Ray Bradbury poseía esa vitalidad indomable que cabalga y cabalga, dejando claridades y misterios poéticos fulminantes. Por medio del ritmo narrativo espontáneo, Bradbury se transformaba en una especie de médium de lo fantástico y la especulación creativa. Un veedor.

Semejante urgencia no deterioraba sus cuentos sino por el contrario les daba una perfección imprevisible, virtuosismo mutante que no descansa en la proporción o equilibrio sino en algo más fundamental.

Sus cuentos no son impecables en el sentido clásico de la palabra, pero siempre operan con magia asertiva. Qué puntería. Escribió una multitud de ellos, no todos indestructibles , pero vamos, casi todos, y no hay ninguno que no tenga ese don celular, esa cualidad animada, animante.

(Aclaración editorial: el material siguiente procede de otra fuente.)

(* Let $X$ be a finite cycle set and let $G(X)$ be its permutation group. Then the action of $G(X)$ on $X$ is not a Frobenius action; that is, $G(X)$ does not act on $X$ as a Frobenius group.
   Context: A cycle set is a set $X$ with a binary operation $\cdot$ such that for every $x\in X$ the map $\sigma(x)\colon X\to X$, $y\mapsto x\cdot y$, is bijective, and $(x\cdot y)\cdot(x\cdot z)=(y\cdot x)\cdot(y\cdot z)$ for all $x,y,z\in X$. The permutation group $G(X)$ is the subgroup of the symmetric group on $X$ generated by all $\sigma(x)$, $x\in X$. A group $G$ acting on a finite set $X$ acts as a Frobenius group if the action is transitive, every element $g\ne 1$ of $G$ fixes at most one point of $X$, and some element $g\neq 1$ fixes a point of $X$. *)

From mathcomp Require Import all_boot all_fingroup.
Set Implicit Arguments. Unset Strict Implicit. Unset Printing Implicit Defensive.
Local Open Scope group_scope.

Definition is_cycle_set (X : finType) (op : X -> X -> X) : Prop :=
  (forall x, bijective (op x)) /\
  (forall x y z, op (op x y) (op x z) = op (op y x) (op y z)).

Definition sigma_perm (X : finType) (op : X -> X -> X)
  (inj : forall x, injective (op x)) (x : X) : {perm X} := perm (inj x).
Lemma redistribute_in_core p i d : in_core v p -> 0 < d ->
  (forall j, p i < p j -> d < p j - p i) ->
  (forall S, i \in ~: S -> 0 < slack p S -> d <= slack p S) ->
  (forall S, i \in ~: S -> slack p S = 0 -> exists2 j, j \in ~: S & p i < p j) ->
  in_core v (redistribute p i d).
Proof.
move=> pcore d0 dgap dslack tight; have [p0 _] := pcore.
have red_le j : redistribute p i d j <= p j + (if j == i then d else 0).
  rewrite /redistribute; case: eqP => [->|_]; first by rewrite lexx.
  by rewrite addr0; case: ifP => // _; rewrite gerBl ltW.
split=> [j|S].
  rewrite /redistribute; case: eqP => _; first by rewrite addr_ge0 ?p0 ?ltW.
  by case: ifP => // /dgap dj; rewrite subr_ge0 ltW // (lt_le_trans dj) // gerBl.
have -> : wS v [set: 'I_n] - wS v S = \sum_(j in ~: S) p j + slack p S.
  by rewrite /slack [in RHS]addrC subrK.
have sum_le : \sum_(j in ~: S) redistribute p i d j <=
              \sum_(j in ~: S) p j + (if i \in ~: S then d else 0).
  by rewrite -sum_if_eq -big_split; apply: ler_sum => j _; apply: red_le.
have := core_slack_ge0 S pcore; rewrite le_eqVlt => /orP[/eqP/esym s0 | s_pos].
  have [iS|iS] := boolP (i \in ~: S); last first.
    by apply: le_trans sum_le _; rewrite (negbTE iS) s0.
  have [j0 j0S pj0] := tight S iS s0.
  have j0i : j0 != i by apply: contraTneq pj0 => ->; rewrite ltxx.
  apply: le_trans (_ : \sum_(j in ~: S) (p j + (if j == i then d else 0)
                                    - (if j == j0 then d else 0)) <= _).
    apply: ler_sum => j _; rewrite /redistribute.
    case: (eqVneq j i) => [->|ji]; first by rewrite eq_sym (negbTE j0i) subr0.
    case: (eqVneq j j0) => [->|_]; first by rewrite pj0 addr0.
    by rewrite addr0 subr0; case: ifP => // _; rewrite gerBl ltW.
  by rewrite sumrB big_split /= !sum_if_eq iS j0S s0 addrK addr0.
apply: le_trans sum_le _; rewrite lerD2l; case: ifP => iS; last exact: ltW.
exact: dslack.
Qed.
Lemma renamed_tensor_push_mupd Y X ha c (p : bpoly) :
  renamed_tensor Y X ha r -> length (hcl X) = length (hcl ha) ->
  renamed_tensor (push_cl Y (mupd (htop Y) c (fun e => p (rename_env r e))))
    (push_cl X (mupd (htop X) c p))
    (pad_hps ha (length (hcl (push_cl X (mupd (htop X) c p))))) r.
Proof.
  intros H L. rewrite (htop_renamed_tensor _ _ _ _ H L), <- rename_munion_mupd.
  destruct H as (Hsu & Hq & Hc & HP & Hs). repeat split; auto; try apply Hsu.
  simpl. rewrite Hc. symmetry. apply renamed_union_push; auto.
Qed.

Lemma renamed_tensor_hadamard Y X ha q :
  renamed_tensor Y X ha r -> hqu ha q = None -> r (fresh (hsu X)) = fresh (hsu Y) ->
  (forall j, In j (hsu (sem_gate GH q Y)) <-> In j (map r (hsu (sem_gate GH q X) ++ hsu ha))) ->
  renamed_tensor (sem_gate GH q Y) (sem_gate GH q X) ha r.
Proof.
  intros H Hn Hy Hsu. assert (Cq := curq_renamed _ _ _ _ (proj1 (proj2 H)) q Hn).
  destruct H as (_ & Hq & Hc & HP & Hs). repeat split; try apply Hsu; simpl.
  - rewrite Hq, rename_munion_mupd. simpl. rewrite Hy. reflexivity.
  - exact Hc.
  - rewrite HP, Cq. extensionality e. simpl. rewrite Hy. lra.
  - rewrite Hs. extensionality e. lra.
Qed.

Lemma renamed_tensor_scale Y X ha (g : bpoly) : renamed_tensor Y X ha r ->
  renamed_tensor (scale (fun e => g (rename_env r e)) Y) (scale g X) ha r.
Proof.
  intros (Hsu & Hq & Hc & HP & Hs). repeat split; try apply Hsu; auto.
  simpl. rewrite Hs. extensionality e. ring.
Qed.

Lemma renamed_tensor_hplus Y1 Y2 X1 X2 ha :
  renamed_tensor Y1 X1 (pad_hps ha (length (hcl X1))) r ->
  renamed_tensor Y2 X2 (pad_hps ha (length (hcl X2))) r ->
  regs_disjoint X1 (pad_hps ha (length (hcl X1))) ->
  regs_disjoint X2 (pad_hps ha (length (hcl X2))) ->
  (length (hcl ha) <= length (hcl X1))%nat -> (length (hcl ha) <= length (hcl X2))%nat ->
  (forall x, In x (hsu ha) -> In x (hsu X2) -> In x (hsu X1)) ->
  (forall x, In x (hsu ha) -> In x (hsu X1) -> In x (hsu X2)) ->
  r (fresh (hsu X1 ++ hsu X2)) = fresh (hsu Y1 ++ hsu Y2) ->
  renamed_tensor (hplus Y1 Y2) (hplus X1 X2) (pad_hps ha (length (hcl (hplus X1 X2)))) r.
Proof.
  intros (S1&Q1&C1&P1&SS1) (S2&Q2&C2&P2&SS2) (A1&A2&A3) (B1&B2&B3) L1 L2 HX21 HX12 Hy.
  simpl in S1, S2, Q1, Q2, C1, C2, P1, P2, SS1, SS2, A1, A2, A3, B1, B2, B3.
  rewrite length_pad in A2, B2 by lia.
  set (N := Nat.max (length (hcl X1)) (length (hcl X2))).
  assert (LY1 : length (hcl Y1) = length (hcl X1)).
  { rewrite C1. apply length_renamed_union. rewrite length_pad; lia. }
  assert (LY2 : length (hcl Y2) = length (hcl X2)).
  { rewrite C2. apply length_renamed_union. rewrite length_pad; lia. }
  assert (LM21 := in_lminus_renamed _ _ _ _ _ S1 S2 HX21).
  assert (LM12 := in_lminus_renamed _ _ _ _ _ S2 S1 HX12).
  repeat split.
  - intros Hj. simpl hsu in Hj |- *. rewrite !in_app_iff, LM21, S1 in Hj.
    rewrite !map_app, !in_app_iff in *. simpl in *. rewrite Hy. tauto.
  - intros Hj. simpl hsu in Hj |- *. rewrite !in_app_iff, LM21, S1.
    rewrite !map_app, !in_app_iff in *. simpl in *. rewrite Hy in Hj. tauto.
  - simpl hqu. rewrite Q1, Q2. apply mselect_renamed; auto.
  - change (hcl (hplus Y1 Y2) =
            renamed_union r (hcl (hplus X1 X2)) (pad (hcl ha) (length (hcl (hplus X1 X2))))).
    rewrite length_hcl_hplus. fold N.
    apply nth_ext with (d := emptymap) (d' := emptymap).
    + rewrite length_hcl_hplus, length_renamed_union, length_hcl_hplus; [lia|].
      rewrite length_hcl_hplus, length_pad; lia.
    + intros t Ht. rewrite length_hcl_hplus in Ht.
      rewrite nth_hcl_hplus, nth_renamed_union, nth_hcl_hplus, LY1, LY2, C1, C2
        by (rewrite ?length_hcl_hplus, ?length_pad; lia).
      rewrite !nth_renamed_union, !(nth_pad_min (hcl ha) _ N t) by (rewrite ?length_pad; lia).
      apply mselect_renamed; auto; intros a Ha.
      * apply A3 in Ha. rewrite nth_pad_min with (N := N) in Ha by lia. auto.
      * apply B3 in Ha. rewrite nth_pad_min with (N := N) in Ha by lia. auto.
  - simpl hP. rewrite P1, P2. extensionality e. simpl. rewrite Hy. destruct (epath e _); ring.
  - simpl hs. rewrite SS1, SS2. extensionality e. simpl. rewrite Hy.
    rewrite (rprod_same_set _ _ LM21), (rprod_same_set _ _ LM12), !rprod_rename.
    destruct (epath e _); ring.
Qed.

Definition ancilla_commutes (P : prog) : Prop :=
  forall Y X ha, regs_disjoint X ha -> avoids ha P ->
  (forall j, In j (hsu ha) -> In j (hsu (sem P X)) -> In j (hsu X)) ->
  shifts_new_vars r X Y (sem P X) -> renamed_tensor Y X ha r ->
  renamed_tensor (sem P Y) (sem P X) (pad_hps ha (length (hcl (sem P X)))) r.

Lemma ancilla_commutes_Skip : ancilla_commutes Skip.
Proof. intros Y X ha T _ _ _ H. simpl. rewrite (proj1 (proj2 T)), pad_hps_length. auto. Qed.

Lemma ancilla_commutes_Init q : ancilla_commutes (Init q).
Proof.
  intros Y X ha T _ _ _ H. cbn [sem].
  change (length (hcl (set_qu X _))) with (length (hcl X)).
  rewrite (proj1 (proj2 T)), pad_hps_length.
  apply (renamed_tensor_mupd_qu Y X ha q (fun _ => false)); auto.
Qed.
(* Let $\mathcal H=(V,E)$ be a hypergraph with splitting functions and let $R\subseteq V$ satisfy $0<\mathrm{vol}(R)\le\mathrm{vol}(\bar R)$. Let $\varepsilon_0=\mathrm{vol}(R)/\mathrm{vol}(\bar R)$, let $\varepsilon\in[\varepsilon_0,\varepsilon_0+1)$, and set $\mu=\varepsilon-\varepsilon_0\ge0$. Let $S^*$ be a minimizer of $\mathrm{HLC}$ over all subsets of $V$; this is the set returned by Algorithm 1. Let $T\subseteq V$ satisfy $0<\mathrm{vol}(T)\le\mathrm{vol}(\bar T)$, and suppose that for some $\beta\in\left(\frac{2\mu}{1+2\mu},1\right)$, $$\frac{\mathrm{vol}(T\cap R)}{\mathrm{vol}(T)}\ge\frac{\mathrm{vol}(\bar T\cap R)}{\mathrm{vol}(\bar T)}+\beta.$$ Then $$\mathrm{ncut}(S^* )\le\frac{1}{\beta+2\mu\beta-2\mu}\,\mathrm{ncut}(T).$$ In particular, when $\varepsilon=\varepsilon_0$ we get $\mathrm{ncut}(S^* )\le\frac1\beta\mathrm{ncut}(T)$.
   Context: A hypergraph $\mathcal H=(V,E)$ has a finite node set $V$, and each hyperedge $e\in E$ is a subset of $V$. Each hyperedge $e$ carries a splitting function $w_e:2^e\to\mathbb R_{\ge0}$ satisfying $w_e(A)=w_e(e\setminus A)$ for all $A\subseteq e$ and $w_e(\emptyset)=w_e(e)=0$. For $S\subseteq V$, $\mathrm{cut}_{\mathcal H}(S)=\sum_{e\in E}w_e(e\cap S)$. The degree of $v$ is $d_v=\sum_{e\ni v}w_e(\{v\})$, and $\mathrm{vol}(S)=\sum_{v\in S}d_v$. Write $\bar S=V\setminus S$. Hypergraph normalized cut is $\mathrm{ncut}(S)=\frac{\mathrm{cut}_{\mathcal H}(S)}{\mathrm{vol}(S)}+\frac{\mathrm{cut}_{\mathcal H}(\bar S)}{\mathrm{vol}(\bar S)}$. Define $\Omega_{R,\varepsilon}(S)=\mathrm{vol}(S\cap R)-\varepsilon\,\mathrm{vol}(S\cap\bar R)$. Set $\mathrm{HLC}(S)=\mathrm{cut}_{\mathcal H}(S)/\Omega_{R,\varepsilon}(S)$ if $\Omega_{R,\varepsilon}(S)>0$, and $\mathrm{HLC}(S)=\infty$ otherwise. *)

From HB Require Import structures.
From mathcomp Require Import all_boot all_order all_algebra.
Set Implicit Arguments. Unset Strict Implicit. Unset Printing Implicit Defensive.
Import Order.TTheory GRing.Theory Num.Theory.
Local Open Scope ring_scope.

Section Hypergraph.
Variables (R : realFieldType) (V I : finType).
Variables (e : I -> {set V}) (w : I -> {set V} -> R).

Definition splitting_functions : Prop :=
  forall i : I,
    (forall A : {set V}, A \subset e i -> 0 <= w i A) /\
    (forall A : {set V}, A \subset e i -> w i A = w i (e i :\: A)) /\
    w i set0 = 0 /\ w i (e i) = 0.

Definition hcut (S : {set V}) : R := \sum_(i : I) w i (e i :&: S).

Definition deg (v : V) : R := \sum_(i : I | v \in e i) w i [set v].

Definition vol (S : {set V}) : R := \sum_(v in S) deg v.

Definition ncut (S : {set V}) : R :=
  hcut S / vol S + hcut (~: S) / vol (~: S).

Definition Omega (Rs : {set V}) (eps : R) (S : {set V}) : R :=
  vol (S :&: Rs) - eps * vol (S :&: ~: Rs).

(* HLC with values in R ∪ {∞}: None stands for ∞ *)
Definition HLC (Rs : {set V}) (eps : R) (S : {set V}) : option R :=
  if 0 < Omega Rs eps S then Some (hcut S / Omega Rs eps S) else None.

Definition ext_le (a b : option R) : bool :=
  match a, b with
  | _, None => true
  | None, Some _ => false
  | Some x, Some y => x <= y
  end.

Definition is_HLC_minimizer (Rs : {set V}) (eps : R) (S : {set V}) : Prop :=
  forall S' : {set V}, ext_le (HLC Rs eps S) (HLC Rs eps S').

End Hypergraph.

From Pilot Require Import Defs.
From HB Require Import structures.
From mathcomp Require Import all_boot all_order all_algebra.
From mathcomp Require Import ring lra.
Import Order.TTheory GRing.Theory Num.Theory.
Set Implicit Arguments. Unset Strict Implicit. Unset Printing Implicit Defensive.
Local Open Scope ring_scope.

(* Write N = vol V, r = vol R, rb = vol (~ R), and for a set S write s, sb for
   the volumes of S and ~ S and a, c for those of S ∩ R and ~ S ∩ R.  Since
   cut(S) = cut(~ S), ncut(S) = cut(S) N / (s sb).  At eps0 = r / rb the
   local objective satisfies the identity Omega_eps0(S) rb = a sb - c s, which
   is at most s sb; as Omega only decreases in eps, ncut(S) <= (N / rb) HLC(S)
   for every S.  Conversely the bias hypothesis on T reads a sb - c s >=
   beta s sb, and the extra penalty mu vol(T ∩ ~ R) rb is at most
   2 mu (1 - beta) s sb because vol(T ∩ ~ R) <= (1 - beta) vol T and
   rb <= N <= 2 vol(~ T); so (N / rb) HLC(T) <= ncut(T) / (beta + 2 mu beta
   - 2 mu).  Minimality of S* links the two bounds. *)

Lemma ler_ratio_gap (F : realFieldType) (a c t u beta : F) :
  0 < t -> 0 < u -> c / u + beta <= a / t -> beta * t * u <= a * u - c * t.
Proof.
move=> t_gt0 u_gt0 gap; rewrite -subr_ge0.
have -> : a * u - c * t - beta * t * u = t * u * (a / t - (c / u + beta)).
  by field; rewrite !gt_eqF.
by rewrite mulr_ge0 ?subr_ge0 // ltW ?mulr_gt0.
Qed.

Lemma ler_wdiv2l (F : numFieldType) (x y z : F) :
  0 <= x -> 0 < y -> y <= z -> x / z <= x / y.
Proof.
move=> x_ge0 y_gt0 le_yz; apply: ler_wpM2l => //.
by rewrite lef_pV2 ?posrE // (lt_le_trans y_gt0).
Qed.

Section HypergraphCut.
Variables (R : realFieldType) (V I : finType).
Variables (e : I -> {set V}) (w : I -> {set V} -> R).
Hypothesis sf : splitting_functions e w.

Local Notation vol := (vol e w).
Local Notation hcut := (hcut e w).
Local Notation Omega := (Omega e w).

Lemma deg_ge0 v : 0 <= deg e w v.
Proof.
apply: sumr_ge0 => i vi; have [w_ge0 _] := sf i.
by apply: w_ge0; rewrite sub1set.
Qed.

Lemma vol_ge0 S : 0 <= vol S.
Proof. by apply: sumr_ge0 => v _; apply: deg_ge0. Qed.

Lemma volID S A : vol S = vol (S :&: A) + vol (S :&: ~: A).
Proof. by rewrite /Defs.vol (big_setID A) setDE. Qed.

Lemma vol_setC S : vol S + vol (~: S) = vol [set: V].
Proof. by rewrite [RHS](volID _ S) !setTI. Qed.

Lemma hcut_ge0 S : 0 <= hcut S.
Proof. by apply: sumr_ge0 => i _; have [w_ge0 _] := sf i; apply/w_ge0/subsetIl. Qed.

Lemma hcutC S : hcut (~: S) = hcut S.
Proof.
apply: eq_bigr => i _; have [_ [w_sym _]] := sf i.
rewrite (w_sym (e i :&: S)) ?subsetIl //; congr (w i _).
by rewrite setDIr setDv set0U setDE.
Qed.

Lemma ncutE S : vol S != 0 -> vol (~: S) != 0 ->
  ncut e w S = hcut S * vol [set: V] / (vol S * vol (~: S)).
Proof. by move=> S0 Sc0; rewrite /ncut hcutC -(vol_setC S); field; apply/andP. Qed.

Lemma Omega_antitone_eps Rs S {eps eps' : R} :
  eps' <= eps -> Omega Rs eps S <= Omega Rs eps' S.
Proof.
move=> le_eps; rewrite /Defs.Omega lerD2l lerN2.
by apply: ler_wpM2r => //; apply: vol_ge0.
Qed.

Variable Rs : {set V}.
Hypothesis volRc_gt0 : 0 < vol (~: Rs).
Let eps0 := vol Rs / vol (~: Rs).

Lemma Omega_eps0_mul S :
  Omega Rs eps0 S * vol (~: Rs) =
    vol (S :&: Rs) * vol (~: S) - vol (~: S :&: Rs) * vol S.
Proof.
have eps0E : eps0 * vol (~: Rs) = vol Rs by rewrite /eps0 mulfVK ?gt_eqF.
have -> : Omega Rs eps0 S * vol (~: Rs) =
    vol (S :&: Rs) * vol (~: Rs) - vol (S :&: ~: Rs) * (eps0 * vol (~: Rs)).
  by rewrite /Defs.Omega; ring.
rewrite eps0E (volID Rs S) (volID (~: Rs) S) (volID S Rs) (volID (~: S) Rs).
by rewrite !(setIC Rs) !(setIC (~: Rs)); ring.
Qed.

Lemma Omega_mul_le_vol S {eps : R} : eps0 <= eps ->
  Omega Rs eps S * vol (~: Rs) <= vol S * vol (~: S).
Proof.
move=> le_eps0.
apply: (le_trans (ler_wpM2r (ltW volRc_gt0) (Omega_antitone_eps Rs S le_eps0))).
rewrite Omega_eps0_mul.
have : vol (S :&: Rs) * vol (~: S) <= vol S * vol (~: S).
  by apply: ler_wpM2r; rewrite ?vol_ge0 // [leRHS](volID _ Rs) lerDl vol_ge0.
have : 0 <= vol (~: S :&: Rs) * vol S by rewrite mulr_ge0 ?vol_ge0.
lra.
Qed.

Lemma Omega_mul_ge_biased (mu beta : R) T :
  0 <= mu -> 0 < vol T -> vol T <= vol (~: T) ->
  beta * vol T * vol (~: T) <=
    vol (T :&: Rs) * vol (~: T) - vol (~: T :&: Rs) * vol T ->
  (beta + 2 * mu * beta - 2 * mu) * vol T * vol (~: T) <=
    Omega Rs (eps0 + mu) T * vol (~: Rs).
Proof.
move=> mu_ge0 volT_gt0 volT_le bias.
have volTc_gt0 : 0 < vol (~: T) by apply: lt_le_trans volT_le.
have -> : Omega Rs (eps0 + mu) T * vol (~: Rs) =
    Omega Rs eps0 T * vol (~: Rs) - mu * (vol (T :&: ~: Rs) * vol (~: Rs)).
  by rewrite /Defs.Omega; ring.
have inT_ge : beta * vol T <= vol (T :&: Rs).
  rewrite -(ler_pM2r volTc_gt0).
  have : 0 <= vol (~: T :&: Rs) * vol T by rewrite mulr_ge0 ?vol_ge0.
  lra.
have outT_le : vol (T :&: ~: Rs) <= (1 - beta) * vol T.
  by move: inT_ge; rewrite [in vol T](volID T Rs); lra.
have volRc_le : vol (~: Rs) <= 2 * vol (~: T).
  have := vol_setC Rs; have := vol_setC T; have := vol_ge0 Rs; lra.
have penalty : vol (T :&: ~: Rs) * vol (~: Rs) <=
    (1 - beta) * vol T * (2 * vol (~: T)).
  by rewrite ler_pM ?vol_ge0.
have := ler_wpM2l mu_ge0 penalty; rewrite Omega_eps0_mul; lra.
Qed.

Lemma ncut_le_HLC (eps : R) S : eps0 <= eps -> 0 < Omega Rs eps S ->
  ncut e w S <= vol [set: V] / vol (~: Rs) * (hcut S / Omega Rs eps S).
Proof.
move=> le_eps0 Omega_gt0.
have P_gt0 : 0 < Omega Rs eps S * vol (~: Rs) by rewrite mulr_gt0.
have P_le := Omega_mul_le_vol S le_eps0.
have /andP[volS_gt0 volSc_gt0] : (0 < vol S) && (0 < vol (~: S)).
  by rewrite -mulr_ge0_gt0 ?vol_ge0 //; apply: lt_le_trans P_le.
rewrite ncutE ?gt_eqF //.
have -> : vol [set: V] / vol (~: Rs) * (hcut S / Omega Rs eps S) =
    hcut S * vol [set: V] / (Omega Rs eps S * vol (~: Rs)).
  by field; rewrite !gt_eqF.
by apply: ler_wdiv2l; rewrite ?mulr_ge0 ?hcut_ge0 ?vol_ge0.
Qed.

Lemma HLC_le_ncut (eps k : R) T : 0 < k -> 0 < vol T -> 0 < vol (~: T) ->
  k * vol T * vol (~: T) <= Omega Rs eps T * vol (~: Rs) ->
  vol [set: V] / vol (~: Rs) * (hcut T / Omega Rs eps T) <= k^-1 * ncut e w T.
Proof.
move=> k_gt0 volT_gt0 volTc_gt0 le_P.
have Q_gt0 : 0 < k * vol T * vol (~: T) by rewrite !mulr_gt0.
have Omega_gt0 : 0 < Omega Rs eps T.
  by rewrite -(pmulr_lgt0 _ volRc_gt0); apply: lt_le_trans le_P.
rewrite ncutE ?gt_eqF //.
have -> : vol [set: V] / vol (~: Rs) * (hcut T / Omega Rs eps T) =
    hcut T * vol [set: V] / (Omega Rs eps T * vol (~: Rs)).
  by field; rewrite !gt_eqF.
have -> : k^-1 * (hcut T * vol [set: V] / (vol T * vol (~: T))) =
    hcut T * vol [set: V] / (k * vol T * vol (~: T)).
  by field; rewrite !gt_eqF.
by apply: ler_wdiv2l; rewrite ?mulr_ge0 ?hcut_ge0 ?vol_ge0 ?mulr_gt0.
Qed.

End HypergraphCut.

Theorem theorem5 (R : realFieldType) (V I : finType)
  (e : I -> {set V}) (w : I -> {set V} -> R)
  (Rs : {set V}) (eps beta : R) (Sstar T : {set V}) :
  splitting_functions e w ->
  0 < vol e w Rs -> vol e w Rs <= vol e w (~: Rs) ->
  let eps0 := vol e w Rs / vol e w (~: Rs) in
  let mu := eps - eps0 in
  eps0 <= eps -> eps < eps0 + 1 ->
  is_HLC_minimizer e w Rs eps Sstar ->
  0 < vol e w T -> vol e w T <= vol e w (~: T) ->
  2 * mu / (1 + 2 * mu) < beta -> beta < 1 ->
  vol e w (T :&: Rs) / vol e w T >=
    vol e w (~: T :&: Rs) / vol e w (~: T) + beta ->
  ncut e w Sstar <= (beta + 2 * mu * beta - 2 * mu)^-1 * ncut e w T.
Proof.
move=> sf volR_gt0 volR_le eps0 mu le_eps0 _ Smin volT_gt0 volT_le beta_gt _ bias.
have volRc_gt0 := lt_le_trans volR_gt0 volR_le.
have volTc_gt0 := lt_le_trans volT_gt0 volT_le.
have mu_ge0 : 0 <= mu by rewrite subr_ge0.
have k_gt0 : 0 < beta + 2 * mu * beta - 2 * mu.
  by move: beta_gt; rewrite ltr_pdivrMr; lra.
have bias_mul := ler_ratio_gap volT_gt0 volTc_gt0 bias.
have epsE : eps0 + mu = eps by rewrite /mu; ring.
have OmegaT := Omega_mul_ge_biased sf volRc_gt0 mu_ge0 volT_gt0 volT_le bias_mul.
rewrite epsE in OmegaT.
have OmegaT_gt0 : 0 < Omega e w Rs eps T.
  rewrite -(pmulr_lgt0 _ volRc_gt0); apply: lt_le_trans OmegaT.
  by rewrite !mulr_gt0.
have := Smin T; rewrite /HLC (ifT _ _ OmegaT_gt0).
case: ifP => //= OmegaS_gt0 HLC_le.
apply: le_trans (ncut_le_HLC sf volRc_gt0 le_eps0 OmegaS_gt0) _.
apply: le_trans (HLC_le_ncut sf volRc_gt0 k_gt0 volT_gt0 volTc_gt0 OmegaT).
by rewrite ler_wpM2l // divr_ge0 ?vol_ge0 // ltW.
Qed.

Escribía con urgencia (y escribía mucho, mucho, como loco, como enfermo) pero resolvía, acertaba: todo quedaba bien coagulado en el texto. Bradbury era líquido de prosa, aunque jamás tanto como para caer en una suerte de fatal incontinencia (a diferencia de Asturias, otro escritor urgente que a menudo no sabía controlar su esfínter verbal, y hay párrafos suyos que no cabe sino calificar de desastres). Apostaba a la velocidad, sí; pero no dejaba de observar las leyes narrativas. La manera en que corta los párrafos, o usa las cursivas, ingresa una elipsis, la majestuosidad toda de sus tropos literarios, cada frase que salía de sus dedos humeantes: una celebración del escribir sin truismos. Su técnica y precisión gramatical no tienen rival.

Aparte siempre me gustaron sus títulos (Something Wicked This Way Comes).

Si usted quiere aprender a escribir un cuento, entonces, por el amor de Dios, lea a Bradbury.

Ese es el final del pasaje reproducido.